Problem requirements
A stretch of the entries below is to be set down exactly, running from the line with "(if j is j'.+1" through the line with "pose X i m j", both included, and no other line.

Supplied records
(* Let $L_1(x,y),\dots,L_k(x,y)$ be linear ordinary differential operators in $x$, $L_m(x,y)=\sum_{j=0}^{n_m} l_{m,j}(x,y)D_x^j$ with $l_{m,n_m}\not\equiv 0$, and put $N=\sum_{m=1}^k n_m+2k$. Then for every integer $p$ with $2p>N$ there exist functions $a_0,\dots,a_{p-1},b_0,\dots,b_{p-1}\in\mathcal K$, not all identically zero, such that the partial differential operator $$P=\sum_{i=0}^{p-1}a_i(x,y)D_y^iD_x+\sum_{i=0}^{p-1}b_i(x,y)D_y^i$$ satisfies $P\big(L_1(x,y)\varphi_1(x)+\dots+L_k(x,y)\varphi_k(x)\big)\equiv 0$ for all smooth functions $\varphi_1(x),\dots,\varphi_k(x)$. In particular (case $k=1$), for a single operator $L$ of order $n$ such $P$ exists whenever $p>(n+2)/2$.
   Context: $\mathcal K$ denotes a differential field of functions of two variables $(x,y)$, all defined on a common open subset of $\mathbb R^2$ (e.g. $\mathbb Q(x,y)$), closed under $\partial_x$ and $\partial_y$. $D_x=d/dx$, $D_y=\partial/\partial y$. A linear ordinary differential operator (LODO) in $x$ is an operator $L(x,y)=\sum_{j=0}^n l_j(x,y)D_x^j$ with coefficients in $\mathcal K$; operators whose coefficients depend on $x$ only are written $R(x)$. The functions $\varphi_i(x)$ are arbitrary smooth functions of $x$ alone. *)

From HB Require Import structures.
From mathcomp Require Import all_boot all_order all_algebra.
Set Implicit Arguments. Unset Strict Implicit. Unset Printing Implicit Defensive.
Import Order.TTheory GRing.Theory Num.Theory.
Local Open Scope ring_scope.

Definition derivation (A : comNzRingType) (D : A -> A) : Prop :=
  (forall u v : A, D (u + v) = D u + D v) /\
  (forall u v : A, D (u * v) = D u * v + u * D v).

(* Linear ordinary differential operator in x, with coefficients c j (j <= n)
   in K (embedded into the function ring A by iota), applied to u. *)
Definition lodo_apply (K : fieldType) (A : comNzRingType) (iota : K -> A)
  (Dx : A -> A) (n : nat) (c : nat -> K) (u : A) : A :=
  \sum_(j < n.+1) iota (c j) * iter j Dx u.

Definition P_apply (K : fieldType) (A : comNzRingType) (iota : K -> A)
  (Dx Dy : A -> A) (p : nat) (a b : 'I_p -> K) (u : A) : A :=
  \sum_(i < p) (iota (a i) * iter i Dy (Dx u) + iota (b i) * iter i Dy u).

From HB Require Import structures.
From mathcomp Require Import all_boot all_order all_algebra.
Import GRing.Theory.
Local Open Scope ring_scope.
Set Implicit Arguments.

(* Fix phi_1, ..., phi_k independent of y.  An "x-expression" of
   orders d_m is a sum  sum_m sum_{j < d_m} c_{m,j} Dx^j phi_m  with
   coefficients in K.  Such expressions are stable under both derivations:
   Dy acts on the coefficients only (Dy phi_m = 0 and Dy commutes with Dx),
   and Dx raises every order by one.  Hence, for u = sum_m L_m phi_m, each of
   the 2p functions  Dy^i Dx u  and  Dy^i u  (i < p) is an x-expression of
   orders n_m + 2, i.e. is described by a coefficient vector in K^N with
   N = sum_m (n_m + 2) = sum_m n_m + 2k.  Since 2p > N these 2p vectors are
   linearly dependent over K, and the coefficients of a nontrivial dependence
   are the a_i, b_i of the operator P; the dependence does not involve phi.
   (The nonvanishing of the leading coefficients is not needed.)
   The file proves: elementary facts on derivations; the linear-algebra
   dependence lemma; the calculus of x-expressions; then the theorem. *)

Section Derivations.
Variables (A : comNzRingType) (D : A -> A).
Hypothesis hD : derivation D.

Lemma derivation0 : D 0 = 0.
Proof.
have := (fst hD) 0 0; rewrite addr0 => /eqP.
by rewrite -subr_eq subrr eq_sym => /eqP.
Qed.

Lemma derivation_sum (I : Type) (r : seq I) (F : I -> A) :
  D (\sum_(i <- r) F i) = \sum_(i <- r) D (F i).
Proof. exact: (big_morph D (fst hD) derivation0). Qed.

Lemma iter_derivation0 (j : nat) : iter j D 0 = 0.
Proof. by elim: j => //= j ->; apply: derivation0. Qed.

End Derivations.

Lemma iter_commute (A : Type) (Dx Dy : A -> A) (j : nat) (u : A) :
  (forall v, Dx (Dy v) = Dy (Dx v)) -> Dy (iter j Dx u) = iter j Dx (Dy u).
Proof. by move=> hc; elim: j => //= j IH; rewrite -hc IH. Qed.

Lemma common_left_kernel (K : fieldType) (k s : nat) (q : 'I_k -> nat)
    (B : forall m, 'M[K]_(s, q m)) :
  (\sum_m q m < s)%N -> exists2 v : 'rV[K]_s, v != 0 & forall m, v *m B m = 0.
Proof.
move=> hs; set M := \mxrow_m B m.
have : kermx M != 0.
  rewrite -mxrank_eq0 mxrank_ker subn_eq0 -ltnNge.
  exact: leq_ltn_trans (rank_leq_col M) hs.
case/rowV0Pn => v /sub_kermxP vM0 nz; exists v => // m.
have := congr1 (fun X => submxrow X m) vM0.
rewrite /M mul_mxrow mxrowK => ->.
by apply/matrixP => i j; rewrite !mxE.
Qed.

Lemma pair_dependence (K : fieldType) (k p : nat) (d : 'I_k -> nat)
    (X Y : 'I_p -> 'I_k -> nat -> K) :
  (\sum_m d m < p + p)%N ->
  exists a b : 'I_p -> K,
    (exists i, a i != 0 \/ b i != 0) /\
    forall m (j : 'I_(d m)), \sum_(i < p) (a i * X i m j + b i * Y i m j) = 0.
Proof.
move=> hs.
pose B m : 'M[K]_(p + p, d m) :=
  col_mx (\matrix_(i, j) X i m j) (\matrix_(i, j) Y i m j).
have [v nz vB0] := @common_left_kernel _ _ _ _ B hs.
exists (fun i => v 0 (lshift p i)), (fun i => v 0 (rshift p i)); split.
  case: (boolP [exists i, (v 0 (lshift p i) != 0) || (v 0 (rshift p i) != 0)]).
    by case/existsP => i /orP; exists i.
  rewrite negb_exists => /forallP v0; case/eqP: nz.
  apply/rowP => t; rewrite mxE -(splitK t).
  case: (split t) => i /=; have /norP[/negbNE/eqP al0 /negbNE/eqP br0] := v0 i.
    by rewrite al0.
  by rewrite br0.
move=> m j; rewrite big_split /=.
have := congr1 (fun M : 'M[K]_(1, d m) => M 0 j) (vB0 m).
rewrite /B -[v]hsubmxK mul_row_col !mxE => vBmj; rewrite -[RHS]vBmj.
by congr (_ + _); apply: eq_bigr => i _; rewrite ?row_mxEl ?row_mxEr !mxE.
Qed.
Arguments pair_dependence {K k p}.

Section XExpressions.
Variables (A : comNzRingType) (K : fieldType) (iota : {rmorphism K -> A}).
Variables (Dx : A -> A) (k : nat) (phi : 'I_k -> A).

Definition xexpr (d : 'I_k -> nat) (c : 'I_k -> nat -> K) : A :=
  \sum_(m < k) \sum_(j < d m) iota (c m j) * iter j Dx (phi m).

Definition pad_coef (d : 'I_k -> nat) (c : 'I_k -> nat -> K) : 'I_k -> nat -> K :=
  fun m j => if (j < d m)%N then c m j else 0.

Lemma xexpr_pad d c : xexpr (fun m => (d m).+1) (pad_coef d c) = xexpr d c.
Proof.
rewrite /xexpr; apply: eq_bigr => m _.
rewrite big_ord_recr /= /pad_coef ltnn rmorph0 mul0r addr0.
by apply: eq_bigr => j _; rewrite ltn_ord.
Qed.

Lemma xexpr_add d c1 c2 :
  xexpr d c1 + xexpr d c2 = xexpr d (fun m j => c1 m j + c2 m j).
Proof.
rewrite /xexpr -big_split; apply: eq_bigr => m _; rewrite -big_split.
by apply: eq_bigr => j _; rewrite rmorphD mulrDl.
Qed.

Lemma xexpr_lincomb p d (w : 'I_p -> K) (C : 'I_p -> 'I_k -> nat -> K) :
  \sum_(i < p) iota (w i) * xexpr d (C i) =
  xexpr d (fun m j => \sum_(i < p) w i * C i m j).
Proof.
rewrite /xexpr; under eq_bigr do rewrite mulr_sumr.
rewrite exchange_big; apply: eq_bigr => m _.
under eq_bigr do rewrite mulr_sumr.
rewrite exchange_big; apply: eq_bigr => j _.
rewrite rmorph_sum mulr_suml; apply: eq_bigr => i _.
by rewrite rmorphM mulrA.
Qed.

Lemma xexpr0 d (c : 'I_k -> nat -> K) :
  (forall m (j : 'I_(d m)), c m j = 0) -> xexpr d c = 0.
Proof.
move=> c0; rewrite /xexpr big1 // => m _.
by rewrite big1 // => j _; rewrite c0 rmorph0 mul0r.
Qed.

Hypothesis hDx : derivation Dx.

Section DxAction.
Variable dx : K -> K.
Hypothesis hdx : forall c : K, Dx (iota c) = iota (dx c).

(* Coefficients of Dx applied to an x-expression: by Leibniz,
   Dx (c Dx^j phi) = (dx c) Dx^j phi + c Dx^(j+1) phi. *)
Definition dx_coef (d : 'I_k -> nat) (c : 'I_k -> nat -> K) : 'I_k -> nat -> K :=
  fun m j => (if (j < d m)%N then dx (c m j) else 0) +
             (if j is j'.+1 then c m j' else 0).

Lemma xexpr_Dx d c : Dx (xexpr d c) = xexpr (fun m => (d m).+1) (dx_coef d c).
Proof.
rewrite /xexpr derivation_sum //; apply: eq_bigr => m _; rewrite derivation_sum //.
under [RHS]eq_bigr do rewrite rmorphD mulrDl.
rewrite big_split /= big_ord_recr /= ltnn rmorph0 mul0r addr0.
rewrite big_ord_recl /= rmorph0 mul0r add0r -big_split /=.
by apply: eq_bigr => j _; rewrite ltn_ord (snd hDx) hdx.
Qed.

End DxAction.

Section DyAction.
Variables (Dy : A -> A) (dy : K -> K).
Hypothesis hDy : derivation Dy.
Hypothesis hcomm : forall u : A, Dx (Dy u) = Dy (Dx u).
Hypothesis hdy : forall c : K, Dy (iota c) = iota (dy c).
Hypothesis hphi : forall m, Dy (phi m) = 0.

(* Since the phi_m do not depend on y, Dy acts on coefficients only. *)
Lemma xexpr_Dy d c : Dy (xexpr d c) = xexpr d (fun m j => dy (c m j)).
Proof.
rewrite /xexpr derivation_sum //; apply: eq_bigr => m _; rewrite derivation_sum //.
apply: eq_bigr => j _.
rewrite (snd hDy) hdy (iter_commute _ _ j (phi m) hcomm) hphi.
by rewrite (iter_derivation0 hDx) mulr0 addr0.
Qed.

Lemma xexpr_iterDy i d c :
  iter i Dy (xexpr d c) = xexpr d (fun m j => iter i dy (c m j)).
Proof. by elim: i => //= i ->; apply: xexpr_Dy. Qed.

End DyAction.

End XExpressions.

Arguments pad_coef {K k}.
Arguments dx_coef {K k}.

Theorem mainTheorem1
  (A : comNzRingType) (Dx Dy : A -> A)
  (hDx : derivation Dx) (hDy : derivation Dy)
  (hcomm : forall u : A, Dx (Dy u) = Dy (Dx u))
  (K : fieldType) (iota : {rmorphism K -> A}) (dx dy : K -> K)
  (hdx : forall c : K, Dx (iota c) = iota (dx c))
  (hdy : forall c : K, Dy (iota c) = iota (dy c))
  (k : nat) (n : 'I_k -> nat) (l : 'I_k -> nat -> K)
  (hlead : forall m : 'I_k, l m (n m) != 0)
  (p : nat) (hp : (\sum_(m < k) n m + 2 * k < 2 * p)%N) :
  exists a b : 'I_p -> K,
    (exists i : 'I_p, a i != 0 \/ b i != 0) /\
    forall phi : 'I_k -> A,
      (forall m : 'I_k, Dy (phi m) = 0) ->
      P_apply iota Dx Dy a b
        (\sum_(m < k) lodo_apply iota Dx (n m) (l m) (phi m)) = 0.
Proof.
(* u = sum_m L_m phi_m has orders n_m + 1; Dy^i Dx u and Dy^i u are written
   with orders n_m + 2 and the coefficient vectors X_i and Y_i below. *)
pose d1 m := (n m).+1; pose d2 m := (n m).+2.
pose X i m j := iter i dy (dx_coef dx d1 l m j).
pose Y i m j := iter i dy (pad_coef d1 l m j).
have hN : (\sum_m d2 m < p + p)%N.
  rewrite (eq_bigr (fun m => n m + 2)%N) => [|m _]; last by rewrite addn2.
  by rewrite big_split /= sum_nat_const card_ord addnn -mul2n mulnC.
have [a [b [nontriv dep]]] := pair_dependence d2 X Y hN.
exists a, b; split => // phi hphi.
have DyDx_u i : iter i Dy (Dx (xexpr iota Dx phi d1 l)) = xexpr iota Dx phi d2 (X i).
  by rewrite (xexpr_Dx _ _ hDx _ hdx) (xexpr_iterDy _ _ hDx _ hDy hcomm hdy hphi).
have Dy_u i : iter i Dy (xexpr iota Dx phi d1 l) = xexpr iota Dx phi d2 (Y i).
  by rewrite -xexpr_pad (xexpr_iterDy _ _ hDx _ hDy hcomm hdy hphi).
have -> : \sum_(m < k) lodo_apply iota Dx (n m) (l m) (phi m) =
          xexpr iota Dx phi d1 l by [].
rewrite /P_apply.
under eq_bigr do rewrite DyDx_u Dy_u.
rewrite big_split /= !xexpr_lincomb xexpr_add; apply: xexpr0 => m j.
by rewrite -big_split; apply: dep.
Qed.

Your solution
             (if j is j'.+1 then c m j' else 0).

Lemma xexpr_Dx d c : Dx (xexpr d c) = xexpr (fun m => (d m).+1) (dx_coef d c).
Proof.
rewrite /xexpr derivation_sum //; apply: eq_bigr => m _; rewrite derivation_sum //.
under [RHS]eq_bigr do rewrite rmorphD mulrDl.
rewrite big_split /= big_ord_recr /= ltnn rmorph0 mul0r addr0.
rewrite big_ord_recl /= rmorph0 mul0r add0r -big_split /=.
by apply: eq_bigr => j _; rewrite ltn_ord (snd hDx) hdx.
Qed.

End DxAction.

Section DyAction.
Variables (Dy : A -> A) (dy : K -> K).
Hypothesis hDy : derivation Dy.
Hypothesis hcomm : forall u : A, Dx (Dy u) = Dy (Dx u).
Hypothesis hdy : forall c : K, Dy (iota c) = iota (dy c).
Hypothesis hphi : forall m, Dy (phi m) = 0.

(* Since the phi_m do not depend on y, Dy acts on coefficients only. *)
Lemma xexpr_Dy d c : Dy (xexpr d c) = xexpr d (fun m j => dy (c m j)).
Proof.
rewrite /xexpr derivation_sum //; apply: eq_bigr => m _; rewrite derivation_sum //.
apply: eq_bigr => j _.
rewrite (snd hDy) hdy (iter_commute _ _ j (phi m) hcomm) hphi.
by rewrite (iter_derivation0 hDx) mulr0 addr0.
Qed.

Lemma xexpr_iterDy i d c :
  iter i Dy (xexpr d c) = xexpr d (fun m j => iter i dy (c m j)).
Proof. by elim: i => //= i ->; apply: xexpr_Dy. Qed.

End DyAction.

End XExpressions.

Arguments pad_coef {K k}.
Arguments dx_coef {K k}.

Theorem mainTheorem1
  (A : comNzRingType) (Dx Dy : A -> A)
  (hDx : derivation Dx) (hDy : derivation Dy)
  (hcomm : forall u : A, Dx (Dy u) = Dy (Dx u))
  (K : fieldType) (iota : {rmorphism K -> A}) (dx dy : K -> K)
  (hdx : forall c : K, Dx (iota c) = iota (dx c))
  (hdy : forall c : K, Dy (iota c) = iota (dy c))
  (k : nat) (n : 'I_k -> nat) (l : 'I_k -> nat -> K)
  (hlead : forall m : 'I_k, l m (n m) != 0)
  (p : nat) (hp : (\sum_(m < k) n m + 2 * k < 2 * p)%N) :
  exists a b : 'I_p -> K,
    (exists i : 'I_p, a i != 0 \/ b i != 0) /\
    forall phi : 'I_k -> A,
      (forall m : 'I_k, Dy (phi m) = 0) ->
      P_apply iota Dx Dy a b
        (\sum_(m < k) lodo_apply iota Dx (n m) (l m) (phi m)) = 0.
Proof.
(* u = sum_m L_m phi_m has orders n_m + 1; Dy^i Dx u and Dy^i u are written
   with orders n_m + 2 and the coefficient vectors X_i and Y_i below. *)
pose d1 m := (n m).+1; pose d2 m := (n m).+2.
pose X i m j := iter i dy (dx_coef dx d1 l m j).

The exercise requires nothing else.